◆ EXERCISE OBJECTIVE
Your answer must be the full listing, repeated word for word.
=== EXTRACTED DATA ===
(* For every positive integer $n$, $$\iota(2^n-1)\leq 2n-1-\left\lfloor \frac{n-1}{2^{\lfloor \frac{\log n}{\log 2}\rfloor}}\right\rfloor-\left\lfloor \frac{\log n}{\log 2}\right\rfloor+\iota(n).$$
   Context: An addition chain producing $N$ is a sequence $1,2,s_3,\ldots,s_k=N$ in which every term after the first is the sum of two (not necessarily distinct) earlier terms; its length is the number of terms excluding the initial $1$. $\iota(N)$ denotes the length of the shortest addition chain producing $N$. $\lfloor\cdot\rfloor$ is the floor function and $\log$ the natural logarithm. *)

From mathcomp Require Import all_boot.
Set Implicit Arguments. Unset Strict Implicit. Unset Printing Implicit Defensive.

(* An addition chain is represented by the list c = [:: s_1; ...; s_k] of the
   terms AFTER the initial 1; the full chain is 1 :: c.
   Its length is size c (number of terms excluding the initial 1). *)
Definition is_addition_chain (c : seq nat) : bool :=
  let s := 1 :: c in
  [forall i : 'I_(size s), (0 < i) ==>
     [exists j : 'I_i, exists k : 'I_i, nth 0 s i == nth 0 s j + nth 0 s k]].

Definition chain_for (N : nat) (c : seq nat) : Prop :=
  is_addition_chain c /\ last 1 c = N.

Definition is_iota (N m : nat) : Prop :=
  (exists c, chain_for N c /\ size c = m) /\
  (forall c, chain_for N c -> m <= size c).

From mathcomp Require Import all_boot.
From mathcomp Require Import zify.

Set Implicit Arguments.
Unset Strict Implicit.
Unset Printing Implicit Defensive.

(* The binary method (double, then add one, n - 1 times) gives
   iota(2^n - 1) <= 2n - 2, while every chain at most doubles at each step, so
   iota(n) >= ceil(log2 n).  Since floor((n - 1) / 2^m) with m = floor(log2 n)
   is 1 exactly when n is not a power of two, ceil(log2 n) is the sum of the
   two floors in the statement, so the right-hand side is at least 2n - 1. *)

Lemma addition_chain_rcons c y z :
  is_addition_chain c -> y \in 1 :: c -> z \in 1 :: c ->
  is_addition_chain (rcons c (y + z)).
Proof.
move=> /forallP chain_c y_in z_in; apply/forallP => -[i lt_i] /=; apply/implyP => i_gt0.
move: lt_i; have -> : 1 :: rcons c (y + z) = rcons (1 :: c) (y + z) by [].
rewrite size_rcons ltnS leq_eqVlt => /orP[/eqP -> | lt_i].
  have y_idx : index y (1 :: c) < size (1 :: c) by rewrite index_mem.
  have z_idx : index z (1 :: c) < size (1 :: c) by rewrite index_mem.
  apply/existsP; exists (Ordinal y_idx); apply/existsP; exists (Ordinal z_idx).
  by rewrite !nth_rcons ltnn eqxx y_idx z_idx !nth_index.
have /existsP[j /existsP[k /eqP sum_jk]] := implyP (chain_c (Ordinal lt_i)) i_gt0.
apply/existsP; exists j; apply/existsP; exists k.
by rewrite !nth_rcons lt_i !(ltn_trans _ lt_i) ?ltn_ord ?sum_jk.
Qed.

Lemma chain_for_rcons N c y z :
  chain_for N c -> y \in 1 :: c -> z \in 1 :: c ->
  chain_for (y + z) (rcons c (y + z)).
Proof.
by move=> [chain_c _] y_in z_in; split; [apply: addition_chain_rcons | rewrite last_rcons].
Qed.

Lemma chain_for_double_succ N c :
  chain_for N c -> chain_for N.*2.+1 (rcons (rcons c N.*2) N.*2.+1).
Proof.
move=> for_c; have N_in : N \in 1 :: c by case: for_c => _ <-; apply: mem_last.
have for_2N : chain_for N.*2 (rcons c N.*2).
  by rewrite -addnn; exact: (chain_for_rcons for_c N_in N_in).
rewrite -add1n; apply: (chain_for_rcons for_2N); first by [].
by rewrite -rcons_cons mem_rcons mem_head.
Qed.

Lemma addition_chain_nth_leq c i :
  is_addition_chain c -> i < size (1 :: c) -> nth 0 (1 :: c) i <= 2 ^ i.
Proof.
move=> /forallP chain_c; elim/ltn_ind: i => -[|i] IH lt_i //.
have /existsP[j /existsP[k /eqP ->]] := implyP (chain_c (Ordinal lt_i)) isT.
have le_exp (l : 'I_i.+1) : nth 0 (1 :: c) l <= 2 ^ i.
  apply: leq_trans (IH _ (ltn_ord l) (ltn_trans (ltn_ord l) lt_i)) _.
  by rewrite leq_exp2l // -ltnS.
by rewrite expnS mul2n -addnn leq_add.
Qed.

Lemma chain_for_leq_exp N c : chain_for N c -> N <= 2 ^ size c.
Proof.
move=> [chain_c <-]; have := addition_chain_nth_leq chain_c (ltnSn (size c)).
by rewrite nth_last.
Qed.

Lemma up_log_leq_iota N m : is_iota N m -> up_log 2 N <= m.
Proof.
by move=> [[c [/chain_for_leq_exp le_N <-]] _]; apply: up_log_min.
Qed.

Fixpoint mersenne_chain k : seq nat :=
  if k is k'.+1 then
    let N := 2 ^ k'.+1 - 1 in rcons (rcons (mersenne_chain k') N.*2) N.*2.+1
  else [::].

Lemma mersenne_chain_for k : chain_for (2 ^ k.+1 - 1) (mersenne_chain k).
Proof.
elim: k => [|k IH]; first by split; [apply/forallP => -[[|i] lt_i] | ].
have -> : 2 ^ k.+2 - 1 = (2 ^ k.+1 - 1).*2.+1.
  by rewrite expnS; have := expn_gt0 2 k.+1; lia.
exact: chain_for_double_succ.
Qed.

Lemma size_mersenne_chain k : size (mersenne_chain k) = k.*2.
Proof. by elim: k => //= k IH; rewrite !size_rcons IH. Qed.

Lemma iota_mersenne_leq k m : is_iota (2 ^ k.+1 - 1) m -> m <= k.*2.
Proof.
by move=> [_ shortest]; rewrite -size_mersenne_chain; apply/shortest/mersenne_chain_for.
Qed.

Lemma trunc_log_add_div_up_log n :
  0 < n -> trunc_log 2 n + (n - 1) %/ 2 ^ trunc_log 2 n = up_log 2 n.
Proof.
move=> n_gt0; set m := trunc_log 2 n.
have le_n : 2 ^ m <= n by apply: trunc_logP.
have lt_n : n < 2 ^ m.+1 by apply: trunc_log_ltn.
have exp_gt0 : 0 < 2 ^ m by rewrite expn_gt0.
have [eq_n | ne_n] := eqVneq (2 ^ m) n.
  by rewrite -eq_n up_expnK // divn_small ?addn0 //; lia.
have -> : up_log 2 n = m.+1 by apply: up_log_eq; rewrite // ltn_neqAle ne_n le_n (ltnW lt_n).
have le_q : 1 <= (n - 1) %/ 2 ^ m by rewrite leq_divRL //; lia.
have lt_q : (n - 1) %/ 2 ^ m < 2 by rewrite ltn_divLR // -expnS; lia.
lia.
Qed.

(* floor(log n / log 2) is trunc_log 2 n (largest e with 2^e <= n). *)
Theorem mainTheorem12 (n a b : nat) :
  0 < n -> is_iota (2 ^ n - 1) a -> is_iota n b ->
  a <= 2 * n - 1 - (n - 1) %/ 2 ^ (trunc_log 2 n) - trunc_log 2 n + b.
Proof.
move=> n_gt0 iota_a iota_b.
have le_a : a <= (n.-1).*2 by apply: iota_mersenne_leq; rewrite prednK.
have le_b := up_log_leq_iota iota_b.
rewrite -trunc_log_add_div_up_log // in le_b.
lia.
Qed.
===
◆ FINAL ANSWER
(* For every positive integer $n$, $$\iota(2^n-1)\leq 2n-1-\left\lfloor \frac{n-1}{2^{\lfloor \frac{\log n}{\log 2}\rfloor}}\right\rfloor-\left\lfloor \frac{\log n}{\log 2}\right\rfloor+\iota(n).$$
   Context: An addition chain producing $N$ is a sequence $1,2,s_3,\ldots,s_k=N$ in which every term after the first is the sum of two (not necessarily distinct) earlier terms; its length is the number of terms excluding the initial $1$. $\iota(N)$ denotes the length of the shortest addition chain producing $N$. $\lfloor\cdot\rfloor$ is the floor function and $\log$ the natural logarithm. *)

From mathcomp Require Import all_boot.
Set Implicit Arguments. Unset Strict Implicit. Unset Printing Implicit Defensive.

(* An addition chain is represented by the list c = [:: s_1; ...; s_k] of the
   terms AFTER the initial 1; the full chain is 1 :: c.
   Its length is size c (number of terms excluding the initial 1). *)
Definition is_addition_chain (c : seq nat) : bool :=
  let s := 1 :: c in
  [forall i : 'I_(size s), (0 < i) ==>
     [exists j : 'I_i, exists k : 'I_i, nth 0 s i == nth 0 s j + nth 0 s k]].

Definition chain_for (N : nat) (c : seq nat) : Prop :=
  is_addition_chain c /\ last 1 c = N.

Definition is_iota (N m : nat) : Prop :=
  (exists c, chain_for N c /\ size c = m) /\
  (forall c, chain_for N c -> m <= size c).

From mathcomp Require Import all_boot.
From mathcomp Require Import zify.

Set Implicit Arguments.
Unset Strict Implicit.
Unset Printing Implicit Defensive.

(* The binary method (double, then add one, n - 1 times) gives
   iota(2^n - 1) <= 2n - 2, while every chain at most doubles at each step, so
   iota(n) >= ceil(log2 n).  Since floor((n - 1) / 2^m) with m = floor(log2 n)
   is 1 exactly when n is not a power of two, ceil(log2 n) is the sum of the
   two floors in the statement, so the right-hand side is at least 2n - 1. *)

Lemma addition_chain_rcons c y z :
  is_addition_chain c -> y \in 1 :: c -> z \in 1 :: c ->
  is_addition_chain (rcons c (y + z)).
Proof.
move=> /forallP chain_c y_in z_in; apply/forallP => -[i lt_i] /=; apply/implyP => i_gt0.
move: lt_i; have -> : 1 :: rcons c (y + z) = rcons (1 :: c) (y + z) by [].
rewrite size_rcons ltnS leq_eqVlt => /orP[/eqP -> | lt_i].
  have y_idx : index y (1 :: c) < size (1 :: c) by rewrite index_mem.
  have z_idx : index z (1 :: c) < size (1 :: c) by rewrite index_mem.
  apply/existsP; exists (Ordinal y_idx); apply/existsP; exists (Ordinal z_idx).
  by rewrite !nth_rcons ltnn eqxx y_idx z_idx !nth_index.
have /existsP[j /existsP[k /eqP sum_jk]] := implyP (chain_c (Ordinal lt_i)) i_gt0.
apply/existsP; exists j; apply/existsP; exists k.
by rewrite !nth_rcons lt_i !(ltn_trans _ lt_i) ?ltn_ord ?sum_jk.
Qed.

Lemma chain_for_rcons N c y z :
  chain_for N c -> y \in 1 :: c -> z \in 1 :: c ->
  chain_for (y + z) (rcons c (y + z)).
Proof.
by move=> [chain_c _] y_in z_in; split; [apply: addition_chain_rcons | rewrite last_rcons].
Qed.

Lemma chain_for_double_succ N c :
  chain_for N c -> chain_for N.*2.+1 (rcons (rcons c N.*2) N.*2.+1).
Proof.
move=> for_c; have N_in : N \in 1 :: c by case: for_c => _ <-; apply: mem_last.
have for_2N : chain_for N.*2 (rcons c N.*2).
  by rewrite -addnn; exact: (chain_for_rcons for_c N_in N_in).
rewrite -add1n; apply: (chain_for_rcons for_2N); first by [].
by rewrite -rcons_cons mem_rcons mem_head.
Qed.

Lemma addition_chain_nth_leq c i :
  is_addition_chain c -> i < size (1 :: c) -> nth 0 (1 :: c) i <= 2 ^ i.
Proof.
move=> /forallP chain_c; elim/ltn_ind: i => -[|i] IH lt_i //.
have /existsP[j /existsP[k /eqP ->]] := implyP (chain_c (Ordinal lt_i)) isT.
have le_exp (l : 'I_i.+1) : nth 0 (1 :: c) l <= 2 ^ i.
  apply: leq_trans (IH _ (ltn_ord l) (ltn_trans (ltn_ord l) lt_i)) _.
  by rewrite leq_exp2l // -ltnS.
by rewrite expnS mul2n -addnn leq_add.
Qed.

Lemma chain_for_leq_exp N c : chain_for N c -> N <= 2 ^ size c.
Proof.
move=> [chain_c <-]; have := addition_chain_nth_leq chain_c (ltnSn (size c)).
by rewrite nth_last.
Qed.

Lemma up_log_leq_iota N m : is_iota N m -> up_log 2 N <= m.
Proof.
by move=> [[c [/chain_for_leq_exp le_N <-]] _]; apply: up_log_min.
Qed.

Fixpoint mersenne_chain k : seq nat :=
  if k is k'.+1 then
    let N := 2 ^ k'.+1 - 1 in rcons (rcons (mersenne_chain k') N.*2) N.*2.+1
  else [::].

Lemma mersenne_chain_for k : chain_for (2 ^ k.+1 - 1) (mersenne_chain k).
Proof.
elim: k => [|k IH]; first by split; [apply/forallP => -[[|i] lt_i] | ].
have -> : 2 ^ k.+2 - 1 = (2 ^ k.+1 - 1).*2.+1.
  by rewrite expnS; have := expn_gt0 2 k.+1; lia.
exact: chain_for_double_succ.
Qed.

Lemma size_mersenne_chain k : size (mersenne_chain k) = k.*2.
Proof. by elim: k => //= k IH; rewrite !size_rcons IH. Qed.

Lemma iota_mersenne_leq k m : is_iota (2 ^ k.+1 - 1) m -> m <= k.*2.
Proof.
by move=> [_ shortest]; rewrite -size_mersenne_chain; apply/shortest/mersenne_chain_for.
Qed.

Lemma trunc_log_add_div_up_log n :
  0 < n -> trunc_log 2 n + (n - 1) %/ 2 ^ trunc_log 2 n = up_log 2 n.
Proof.
move=> n_gt0; set m := trunc_log 2 n.
have le_n : 2 ^ m <= n by apply: trunc_logP.
have lt_n : n < 2 ^ m.+1 by apply: trunc_log_ltn.
have exp_gt0 : 0 < 2 ^ m by rewrite expn_gt0.
have [eq_n | ne_n] := eqVneq (2 ^ m) n.
  by rewrite -eq_n up_expnK // divn_small ?addn0 //; lia.
have -> : up_log 2 n = m.+1 by apply: up_log_eq; rewrite // ltn_neqAle ne_n le_n (ltnW lt_n).
have le_q : 1 <= (n - 1) %/ 2 ^ m by rewrite leq_divRL //; lia.
have lt_q : (n - 1) %/ 2 ^ m < 2 by rewrite ltn_divLR // -expnS; lia.
lia.
Qed.

(* floor(log n / log 2) is trunc_log 2 n (largest e with 2^e <= n). *)
Theorem mainTheorem12 (n a b : nat) :
  0 < n -> is_iota (2 ^ n - 1) a -> is_iota n b ->
  a <= 2 * n - 1 - (n - 1) %/ 2 ^ (trunc_log 2 n) - trunc_log 2 n + b.
Proof.
move=> n_gt0 iota_a iota_b.
have le_a : a <= (n.-1).*2 by apply: iota_mersenne_leq; rewrite prednK.
have le_b := up_log_leq_iota iota_b.
rewrite -trunc_log_add_div_up_log // in le_b.
lia.
Qed.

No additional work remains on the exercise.